Gallery: Estonia commemorates victims of 1949 March Deportations
Thousands of candles were lit all over the country on Sunday to commemorate the victims of the 1949 March Deportations. On March 25 that year, more than 22,000 people were forced out of their homes and deported east.
Four days of deportations of local civilians throughout the Soviet-occupied Baltic states of Estonia, Latvia, and Lithuania began 69 years ago, in the meticulously organized Operation Priboi, or “Coastal Surf”.
Over the course of the operation, more than 22,000 Estonians were forcibly removed from their homes and deported to Siberia from March 25-28, 1949, an event which was commemorated with special events, candles, funeral wreaths, speeches, and prayers of remembrance throughout the country.

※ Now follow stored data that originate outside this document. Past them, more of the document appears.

Lemma gamma0_ge (R : realType) (kappa : R) :
  0 <= kappa -> 3 * (1 + kappa) <= gamma0 kappa.
Proof.
move=> kappa_ge0; rewrite /gamma0 -mulrA [C4 R * _]mulrC mulrA ler_peMr ?C4_ge1 //.
by rewrite mulr_ge0 ?addr_ge0.
Qed.

Lemma GN_symbol_sub (R : realType) (dt L : R) : 0 < dt -> 0 < L ->
  dt^-1 * (dt * L / (1 - expR (- (dt * L)))) - L = L / (expR (dt * L) - 1).
Proof.
move=> dt_gt0 L_gt0; have e_gt1 : 1 < expR (dt * L) by rewrite expR_gt1 mulr_gt0.
rewrite expRN; field.
by rewrite !subr_eq0 !gt_eqF ?expR_gt0 ?invf_lt1 ?expR_gt0.
Qed.

Section ModeBound.
Variables (R : realType) (eps kappa dt A : R).
Hypotheses (eps_gt0 : 0 < eps) (kappa_ge : 4^-1 <= kappa) (dt_gt0 : 0 < dt).
Hypothesis A_ge :
  (gamma0 kappa - 4^-1 * kappa) ^+ 4 / (alpha0 kappa ^+ 2 * eps ^+ 2) <= A.

Local Notation g := (gamma0 kappa).
Local Notation Lam lam := (eps ^+ 2 * lam ^+ 2 + kappa * lam).

Lemma kappa_gt0 : 0 < kappa.
Proof. exact: lt_le_trans kappa_ge. Qed.

Lemma half_kappa_lt_gamma0 : 2^-1 * kappa < g.
Proof. by have := gamma0_ge (ltW kappa_gt0); have := kappa_gt0; lra. Qed.

Lemma alpha0_gt0 : 0 < alpha0 kappa.
Proof.
have kg := half_kappa_lt_gamma0; have k_gt0 := kappa_gt0.
by rewrite /alpha0 ln_gt0 // ltr_pdivlMr; lra.
Qed.

Lemma expR_alpha0_sub1 : expR (alpha0 kappa) - 1 = kappa / (g - 2^-1 * kappa).
Proof.
have kg := half_kappa_lt_gamma0; have k_gt0 := kappa_gt0.
by rewrite /alpha0 lnK ?posrE ?divr_gt0; [field | ..]; lra.
Qed.

Lemma Lam_gt0 (lam : R) : 0 < lam -> 0 < Lam lam.
Proof.
move=> lam_gt0; apply: ltr_wpDl; first exact: mulr_ge0 (sqr_ge0 _) (sqr_ge0 _).
exact: mulr_gt0 kappa_gt0 _.
Qed.

Lemma mode_bound_small (lam : R) : 0 < lam -> dt * Lam lam <= alpha0 kappa ->
  lam * (g - 2^-1 * kappa) <= Lam lam / (expR (dt * Lam lam) - 1).
Proof.
move=> lam_gt0 x_le; have L_gt0 := Lam_gt0 lam_gt0.
have e_gt0 : 0 < expR (dt * Lam lam) - 1 by rewrite subr_gt0 expR_gt1 mulr_gt0.
have e_le : expR (dt * Lam lam) - 1 <= kappa / (g - 2^-1 * kappa).
  by rewrite -expR_alpha0_sub1 lerD2r ler_expR.
rewrite ler_pdivlMr //; set c := g - 2^-1 * kappa.
have c_gt0 : 0 < c by rewrite /c subr_gt0 half_kappa_lt_gamma0.
apply: (le_trans (ler_wpM2l _ e_le)); first by rewrite mulr_ge0 ?ltW.
have -> : lam * c * (kappa / c) = kappa * lam by field; exact: lt0r_neq0.
by rewrite lerDr mulr_ge0 ?sqr_ge0.
Qed.

Lemma gamma0_sub_quarter_ge2 : 2 <= g - 4^-1 * kappa.
Proof. by have := gamma0_ge (ltW kappa_gt0); have := kappa_gt0; lra. Qed.

Lemma A_ge0 : 0 <= A.
Proof.
apply: le_trans A_ge; apply: divr_ge0; last by rewrite mulr_ge0 ?sqr_ge0.
by apply: exprn_ge0; have := gamma0_sub_quarter_ge2; lra.
Qed.

Lemma mode_bound_large (lam : R) : 0 < lam -> alpha0 kappa <= dt * Lam lam ->
  g * lam <= (2^-1 * eps ^+ 2 + A * dt ^+ 2) * lam ^+ 2 + kstar kappa * lam.
Proof.
move=> lam_gt0 alpha0_le; have k_gt0 := kappa_gt0; have a_gt0 := alpha0_gt0.
have B_ge2 := gamma0_sub_quarter_ge2; have A_ge0 := A_ge0.
have den_gt0 : 0 < alpha0 kappa ^+ 2 * eps ^+ 2 by rewrite mulr_gt0 ?exprn_gt0.
have B4_le : (g - 4^-1 * kappa) ^+ 4 <= A * (alpha0 kappa ^+ 2 * eps ^+ 2).
  by rewrite -ler_pdivrMr.
have v_gt0 : 0 < eps ^+ 2 * lam + kappa.
  by apply: ltr_wpDl; first exact: mulr_ge0 (sqr_ge0 _) (ltW _).
have key : (g - 4^-1 * kappa) ^+ 4 <= A * dt ^+ 2 * lam * (eps ^+ 2 * lam + kappa) ^+ 3.
  apply: le_trans B4_le _.
  have x2_ge : alpha0 kappa ^+ 2 <= (dt * Lam lam) ^+ 2 by nra.
  have -> : A * dt ^+ 2 * lam * (eps ^+ 2 * lam + kappa) ^+ 3 =
      A * ((dt * Lam lam) ^+ 2 * eps ^+ 2)
      + A * dt ^+ 2 * lam * (eps ^+ 2 * lam + kappa) ^+ 2 * kappa.
    by ring.
  apply: ler_wpDr; first by repeat apply: mulr_ge0; rewrite ?sqr_ge0 // ltW.
  by rewrite ler_wpM2l // ler_wpM2r ?sqr_ge0.
have := ler_of_quartic_le_cube B_ge2 v_gt0 key => cube_bound.
have g_le : g <= (2^-1 * eps ^+ 2 + A * dt ^+ 2) * lam + kstar kappa.
  by have := kappa_ge; rewrite /kstar; lra.
have -> : (2^-1 * eps ^+ 2 + A * dt ^+ 2) * lam ^+ 2 + kstar kappa * lam =
  ((2^-1 * eps ^+ 2 + A * dt ^+ 2) * lam + kstar kappa) * lam by ring.
by rewrite ler_pM2r.
Qed.
Lemma step_sound R c acc i :
    (nth None c i = None -> exists b,
       exists2 u, u \in R (set_nth None c i (Some b)) & all (coded_edge G) u) ->
    (exists2 a, a \in acc & all (coded_edge G) a) ->
  exists2 u, u \in step R c acc i & all (coded_edge G) u.
Proof.
rewrite /step => cert_i [a a_acc aG]; case: (nth None c i) cert_i => [?|] cert_i.
  by exists a.
have [b [v v_R vG]] := cert_i erefl.
have abG : all (coded_edge G) (sorted_union a v) by rewrite all_sorted_union aG.
have v_R' : v \in R (set_nth None c i (Some false)) ++ R (set_nth None c i (Some true)).
  by rewrite mem_cat; case: b v_R => ->; rewrite ?orbT.
have [y y_min sub_y] := minimal_sound (mem_extend a_acc v_R' (degree_ok_stars _ abG)).
by exists y => //; apply/allP => k /(mem_subseq sub_y)/(allP abG).
Qed.

Lemma certificates_sound m c : size c = 5%nat -> count_mem None c = m.+1 ->
  chooser_wins_on G m c -> exists2 u, u \in certificates m c & all (coded_edge G) u.
Proof.
elim: m c => [|m IH] c size_c free_c /= c_wins.
  by exists [:: edge_code c]; rewrite ?inE //= andbT coded_edge_code.
have step_i i acc : (i < 5)%nat -> (exists2 a, a \in acc & all (coded_edge G) a) ->
    exists2 u, u \in step (certificates m) c acc i & all (coded_edge G) u.
  move=> lt_i5; apply: step_sound => free_i.
  have [b wins_b] := c_wins (Ordinal lt_i5) free_i; exists b; apply: IH wins_b.
    by rewrite size_set_nth size_c; apply/maxn_idPr.
  by move: free_c; rewrite (@count_set_nth_None c i b) ?size_c // => -[].
by do 5!apply: (step_i) => //; exists [::].
Qed.

Theorem no_winning_chooser (C : chooser_strategy 5) : ~ chooser_wins G C.
Proof.
move/chooser_wins_on_play/(_ 4 [::] isT erefl) => wins.
have [u] := certificates_sound (c := nseq 5 None) erefl erefl wins.
by rewrite certificates_cube.
Qed.

End Degree2.

End Q5.
Lemma linked_cons i j Q Pth : (i, j) \notin Q -> i != j -> size Q < l * l ->
  linked Q Pth -> exists Pth', linked ((i, j) :: Q) Pth'.
Proof.
move=> ijQ ij lt_Q Q_linked.
have [p ij_path [p_sub p_size]] := avoiding_path Q_linked (ltnW lt_Q) ij.
have p_avoid x : x \in inner (b i) p -> x \notin forbidden i j Q Pth.
  by move=> /inner_sub /p_sub; rewrite in_setD => /andP[].
pose Pth' i' j' := if (i', j') == (i, j) then p else Pth i' j'.
have Pth'_ij : interior Pth' (i, j) = [set x in inner (b i) p].
  by rewrite /interior /Pth' eqxx.
have Pth'_Q q : q \in Q -> Pth' q.1 q.2 = Pth q.1 q.2.
  move=> qQ; rewrite /Pth' -surjective_pairing ifN //.
  by apply: contraNneq ijQ => <-.
have interior_Q q : q \in Q -> interior Pth' q = interior Pth q.
  by move=> qQ; rewrite /interior Pth'_Q.
have forbidden_Q q x : q \in Q -> x \in interior Pth q -> x \in forbidden i j Q Pth.
  by move=> qQ xq; rewrite in_setU; apply/orP; right; rewrite bigcup_seq; apply/bigcupP; exists q.
case: Q_linked => Q_path Q_size Q_avoid Q_disj; exists Pth'; split.
- move=> q; rewrite inE => /orP[/eqP ->|qQ] /=; first by rewrite /Pth' eqxx.
  by rewrite Pth'_Q //; exact: Q_path.
- move=> q; rewrite inE => /orP[/eqP ->|qQ]; last by rewrite interior_Q ?Q_size.
  rewrite Pth'_ij cardsE (leq_trans (card_size _)) // size_inner.
  by move: p_size; case: (size p).
- move=> q h; rewrite inE => /orP[/eqP ->|qQ]; last by rewrite interior_Q ?Q_avoid.
  rewrite Pth'_ij inE; have [i_out j_out] := dipath_notin_inner ij_path.
  have [/orP[]/eqP-> //|h_ij] := boolP ((h == i) || (h == j)).
  apply: (contraL (p_avoid (b h))); rewrite in_setU; apply/orP; left.
  by apply/imsetP; exists h; rewrite // inE -negb_or.
- move=> q q'; rewrite !inE => /orP[/eqP ->|qQ] /orP[/eqP ->|q'Q] //=.
  + by rewrite eqxx.
  + move=> _ x; rewrite Pth'_ij interior_Q // inE => /p_avoid.
    by apply: contra => /(forbidden_Q _ _ q'Q).
  + move=> _ x; rewrite Pth'_ij interior_Q // inE => /(forbidden_Q _ _ qQ) x_forb.
    by apply/negP => /p_avoid; rewrite x_forb.
  + by rewrite !interior_Q //; exact: Q_disj.
Qed.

The operation also included Latvia and Lithuania. All in all, more than 90,000 people were deported. The first were allowed to return only in 1958, the last were freed in 1965. Thousands never made it back.
In Estonia candles have been lit on March 25 since 2010. Estonian communities around the world do the same every year.
In his speech at a wreath-laying ceremony in Tallinn's Freedom Square, Minister of Justice Urmas Reinsalu (IRL) called the deportations a "genocidal crime" against the Estonian people.
Candles burned not only in Tallinn, but also on the main squares of Tartu, Pärnu, and Narva, as well as in plenty of other places around Estonia.